What should you do if training loss does not decrease? (part 1)
I was working on a time-series classification problem for my PhD thesis a few of months ago. I was experimenting with a decoder-less transformer, similart to BERT. The problem was that no matter what I did, the training loss would not decrease. I worked on this problem for almost 5 weeks. At first, I focused on fine-tuning hyper-parameters. My first thought was that the issue was the learning rate. I performed a lot of study on learning rate choices and the well-known learning rate schedulers. I was thinking that I was using an incorrect learning rate, which resulted in either skipping or failing to achieve the minima. As shown in the image below:
source: http://www.bdhammel.com/learning-rates/
I experimented with all of the learning rate schedulers. I tried almost all of the schedulers in this kaggle link. Training loss was not decreasing no matter what. I was upset since my paper submission date had passed. I attempted so many techniques that I may detail them in another post, but for now, I’ll just focus on the solution. I had these two lines somewhere in my pre-processing code:
X_train = shuffle_along_first_axis(X_train)
y_train = shuffle_along_first_axis(y_train)
where shuffle_along_first_axis
is defined as:
def shuffle_along_first_axis(arr: np.ndarray):
arr_len = arr.shape[0]
shuffled_indices = np.random.permutation(arr_len)
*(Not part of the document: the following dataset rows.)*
(* Let $x_0\in X$ be a regular point. Every non-negative $p$-harmonic function $u$ on $\mathcal T(x_0)$ is the quotient of two additive functions on $\mathcal T(x_0)$; specifically $u=\nu/\nu_0$ for some additive $\nu$, where $\nu_0(x)=W^{(n(x))}(x)$ is additive.
   Context: $X$ is a compact metric space, $r:X\to X$ a finite-to-one, onto, Borel map, $m_0$ a Borel function with $\frac{1}{\#r^{-1}(x)}\sum_{r(y)=x}|m_0(y)|^2=1$, and $W(x)=|m_0(x)|^2/\#r^{-1}(r(x))$, so $\sum_{r(y)=x}W(y)=1$. A point $x_0$ is regular if the sets $r^{-n}(x_0)$, $n\in\mathbb N$, are mutually disjoint and no $r^{-n}(x_0)$, $n\ge0$, meets the zero set of $W$. $\mathcal T(x_0)=\bigcup_{n\ge0}r^{-n}(x_0)$; $n(x)$ is the unique $n\ge0$ with $r^n(x)=x_0$; $W^{(n)}(x)=W(x)W(r(x))\cdots W(r^{n-1}(x))$. $u$ is $p$-harmonic if $u(x)=\sum_{r(y)=x}W(y)u(y)$ on $\mathcal T(x_0)$. A non-negative $\nu$ on $\mathcal T(x_0)$ is additive if $\nu(x)=\sum_{r(y)=x}\nu(y)$ for all $x\in\mathcal T(x_0)$. *)

From HB Require Import structures.
From mathcomp Require Import all_boot all_order all_algebra.
From mathcomp Require Import all_classical all_reals all_analysis.
From mathcomp Require Import complex.
Set Implicit Arguments. Unset Strict Implicit. Unset Printing Implicit Defensive.
Import Order.TTheory GRing.Theory Num.Theory.
Import numFieldNormedType.Exports.
Local Open Scope classical_set_scope.
Local Open Scope ring_scope.

Definition borel_set (T : topologicalType) (A : set T) : Prop := <<s open >> A.

Definition borel_map (T U : topologicalType) (f : T -> U) : Prop :=
  forall B : set U, borel_set B -> borel_set (f @^-1` B).

Definition borel_cfun (R : realType) (T : topologicalType) (f : T -> R[i]) : Prop :=
  @borel_map T R (fun x => complex.Re (f x)) /\ @borel_map T R (fun x => complex.Im (f x)).

Section Dyn.
Context {R : realType} {X : choiceType}.
Variables (r : X -> X).

Definition fib (x : X) : set X := r @^-1` [set x].

Definition nfib (x : X) : R := (\sum_(y \in fib x) (1 : R))%R.

Definition Wfun (m0 : X -> R[i]) (x : X) : R := (Normc.normc (m0 x)) ^+ 2 / nfib (r x).

Definition Wn (W : X -> R) (n : nat) (x : X) : R := \prod_(k < n) W (iter k r x).

Definition preim_n (x0 : X) (n : nat) : set X := [set x | iter n r x = x0].

Definition regular (W : X -> R) (x0 : X) : Prop :=
  (forall m n : nat, m <> n -> [disjoint preim_n x0 m & preim_n x0 n]) /\
  (forall (n : nat) (x : X), preim_n x0 n x -> W x <> 0).

Definition tree (x0 : X) : set X := \bigcup_(n in [set: nat]) preim_n x0 n.

(* n(x): the (unique, for regular x0) n >= 0 with r^n(x) = x0 *)
Definition nlev (x0 : X) (x : X) : nat := xget 0%N [set n | iter n r x = x0].

Definition p_harmonic (W : X -> R) (x0 : X) (u : X -> R) : Prop :=
  forall x, tree x0 x -> u x = (\sum_(y \in fib x) W y * u y)%R.

Definition additive_on_tree (x0 : X) (nu : X -> R) : Prop :=
  (forall x, tree x0 x -> 0 <= nu x) /\
  (forall x, tree x0 x -> nu x = (\sum_(y \in fib x) nu y)%R).

Definition nu0 (W : X -> R) (x0 : X) (x : X) : R := Wn W (nlev x0 x) x.
End Dyn.

From HB Require Import structures.
From mathcomp Require Import all_boot all_order all_algebra.
From mathcomp Require Import all_classical all_reals all_analysis.
From mathcomp Require Import complex.
Import Order.TTheory GRing.Theory Num.Theory.
Import numFieldNormedType.Exports.
Local Open Scope classical_set_scope.
Local Open Scope ring_scope.

(* Regularity makes the level n(x) well defined, so for r y = x in the tree
   nu0 y = W y * nu0 x.  Since W sums to 1 over each fibre, nu0 is additive,
   and p-harmonicity of u is exactly additivity of u * nu0; finally nu0 does
   not vanish on the tree, so u = (u * nu0) / nu0. *)

Section Levels.
Context {R : realType} {X : choiceType} {r : X -> X} {W : X -> R} {x0 : X}.

Lemma nlevP x : tree r x0 x -> iter (nlev r x0 x) r x = x0.
Proof. by move=> [n _ hn]; exact: (xgetI 0%N (P := [set k | iter k r x = x0]) hn). Qed.

Hypothesis rg : regular r W x0.

Lemma nlev_eq {n x} : iter n r x = x0 -> nlev r x0 x = n.
Proof.
move=> hn; apply: contrapT => neq; have /disj_set2P dis := rg.1 _ _ neq.
have : (preim_n r x0 (nlev r x0 x) `&` preim_n r x0 n) x by split; [apply: nlevP; exists n|].
by rewrite dis.
Qed.

Lemma nu0_neq0 {x} : tree r x0 x -> nu0 r W x0 x != 0.
Proof.
move=> /nlevP; rewrite /nu0 /Wn; set n := nlev r x0 x => hn.
apply/prodf_neq0 => k _; apply/eqP; apply: (rg.2 (n - k)%N).
by rewrite /preim_n /= -iterD subnK // ltnW.
Qed.

Lemma nu0_fib {x y} : tree r x0 x -> r y = x -> nu0 r W x0 y = W y * nu0 r W x0 x.
Proof.
move=> /nlevP hx ry.
have hy : iter (nlev r x0 x).+1 r y = x0 by rewrite iterSr ry.
rewrite /nu0 (nlev_eq hy) /Wn big_ord_recl /=.
by congr (_ * _); apply: eq_bigr => k _; rewrite add0n -iterS iterSr ry.
Qed.

Hypothesis W_ge0 : forall x, 0 <= W x.
Hypothesis fsum_W_fib : forall x, tree r x0 x -> \sum_(y \in fib r x) W y = 1.

Lemma additive_nu0 : additive_on_tree r x0 (nu0 r W x0).
Proof.
split=> [x _|x tx]; first by apply: prodr_ge0 => k _; exact: W_ge0.
under eq_fsbigr => y /[!inE] ry do rewrite (nu0_fib tx ry).
by rewrite -mulr_fsuml fsum_W_fib // mul1r.
Qed.

Lemma additive_harmonic_mul_nu0 (u : X -> R) :
  (forall x, tree r x0 x -> 0 <= u x) -> p_harmonic r W x0 u ->
  additive_on_tree r x0 (fun x => u x * nu0 r W x0 x).
Proof.
move=> u_ge0 uh; split=> x tx; first by rewrite mulr_ge0 ?u_ge0 ?additive_nu0.1.
rewrite uh // mulr_fsuml; apply: eq_fsbigr => y /[!inE] ry.
by rewrite (nu0_fib tx ry) mulrCA mulrA.
Qed.

End Levels.

Section Wfun.
Context {R : realType} {X : choiceType}.
Variables (r : X -> X) (m0 : X -> R[i]).

Lemma Wfun_ge0 x : 0 <= Wfun r m0 x.
Proof.
rewrite /Wfun divr_ge0 ?exprn_ge0 //; last by apply: fsumr_ge0 => y _; exact: ler01.
by case: (m0 x) => a b; rewrite /Normc.normc sqrtr_ge0.
Qed.

Lemma fsum_Wfun_fib x :
  (nfib (R := R) r x)^-1 * (\sum_(y \in fib r x) (Normc.normc (m0 y)) ^+ 2) = 1 ->
  \sum_(y \in fib r x) Wfun r m0 y = 1.
Proof.
move=> <-; rewrite mulr_fsumr; apply: eq_fsbigr => y /[!inE] ry.
by rewrite /Wfun ry mulrC.
Qed.

End Wfun.

Theorem corollary4p9 (R : realType) (X : pseudoMetricType R)
  (r : X -> X) (m0 : X -> R[i]) (x0 : X) (u : X -> R) :
  (* X is a compact metric space *)
  hausdorff_space X -> compact [set: X] ->
  (* r is finite-to-one, onto, Borel *)
  (forall x : X, finite_set (fib r x)) ->
  (forall x : X, exists y : X, r y = x) ->
  borel_map r ->
  (* m0 is Borel and normalized *)
  borel_cfun m0 ->
  (forall x : X, (nfib r x)^-1 * (\sum_(y \in fib r x) (Normc.normc (m0 y)) ^+ 2)%R = 1) ->
  (* x0 is regular *)
  regular r (Wfun r m0) x0 ->
  (* u is non-negative and p-harmonic on T(x0) *)
  (forall x, tree r x0 x -> 0 <= u x) ->
  p_harmonic r (Wfun r m0) x0 u ->
  additive_on_tree r x0 (nu0 r (Wfun r m0) x0) /\
  exists nu : X -> R, additive_on_tree r x0 nu /\
    forall x, tree r x0 x -> u x = nu x / nu0 r (Wfun r m0) x0 x.
Proof.
move=> _ _ _ _ _ _ normalized rg u_ge0 uh.
have sumW x : tree r x0 x -> \sum_(y \in fib r x) Wfun r m0 y = 1.
  by move=> _; exact: fsum_Wfun_fib.
split; first exact: additive_nu0 rg (@Wfun_ge0 _ _ r m0) sumW.
exists (fun x => u x * nu0 r (Wfun r m0) x0 x); split.
  exact: additive_harmonic_mul_nu0 rg (@Wfun_ge0 _ _ r m0) sumW u u_ge0 uh.
by move=> x tx; rewrite mulfK // (nu0_neq0 rg tx).
Qed.
(* Let $m,n\ge 1$ be integers, let $r_b,r_w\ge 0$, and let $R_{th0}>0$ satisfy $R_{th0}>m r_b+n r_w$. Write $d_{ij}=i r_b+j r_w$ for $1\le i\le m$, $1\le j\le n$. Consider the equation in the unknown $R> m r_b + n r_w$: $$\ln(R_{th0})=\frac{1}{mn}\sum_{i=1}^{m}\sum_{j=1}^{n}\ln\big(R-d_{ij}\big). \qquad (\ast)$$ Define the sequence $(R^{(l)})_{l\ge 0}$ by $R^{(0)}=R_{th0}$ and, for $l\ge 1$, $$\ln\big(R^{(l)}\big)=\ln(R_{th0})-\frac{1}{mn}\sum_{i=1}^{m}\sum_{j=1}^{n}\ln\Big(1-\frac{d_{ij}}{R^{(l-1)}}\Big).$$ Then every $R^{(l)}$ is well defined (i.e. $R^{(l)}>m r_b+n r_w$), equation $(\ast)$ has a solution $R_{th\_array}$ in $(m r_b+n r_w,\infty)$, and the sequence $R^{(l)}$ converges to $R_{th\_array}$ as $l\to\infty$.
   Context: This iteration is called the STMC threshold solver algorithm in the paper (iterate until a fixed number of iterations or until successive iterates differ by at most a tolerance $\epsilon$). Here $R_{th0}$ plays the role of the optimal read resistance threshold in the absence of line resistance, $r_b$ and $r_w$ are the per-junction bitline and wordline resistances, and $(\ast)$ is the equation defining the common read threshold $R_{th\_array}$ for an $m\times n$ crossbar array. *)

From Stdlib Require Import Reals.
From Coquelicot Require Import Coquelicot.
Open Scope R_scope.

Definition dij (rb rw : R) (i j : nat) : R := INR i * rb + INR j * rw.

Definition avg2 (m n : nat) (f : nat -> nat -> R) : R :=
  / (INR m * INR n) * sum_n_m (fun i => sum_n_m (fun j => f i j) 1 n) 1 m.

Definition stmc_step (m n : nat) (rb rw Rth0 Rprev : R) : R :=
  exp (ln Rth0 - avg2 m n (fun i j => ln (1 - dij rb rw i j / Rprev))).

Fixpoint stmc_seq (m n : nat) (rb rw Rth0 : R) (l : nat) : R :=
  match l with
  | O => Rth0
  | S l' => stmc_step m n rb rw Rth0 (stmc_seq m n rb rw Rth0 l')
  end.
return arr[shuffled_indices]
I guess you can see my error by looking at these two blocks of code. I was shuffling X
and y
arrays independently. As a result, the labels no longer correlate to the associated input. This critical (and dumb) error cost me nearly two months of my life. I discovered this mistake by overfitting the network with only a few samples. However, as I increased the number of samples to more than ten, the training loss stopped to decrease. So I discovered that something is wrong with my data. The problem was resolved when I removed these two lines of code, and then the network began to learn. I hope this advice will be useful to you and will help you to save some time.
TL;DR
Always double-check your shuffling code to ensure that X
and y
are shuffled together.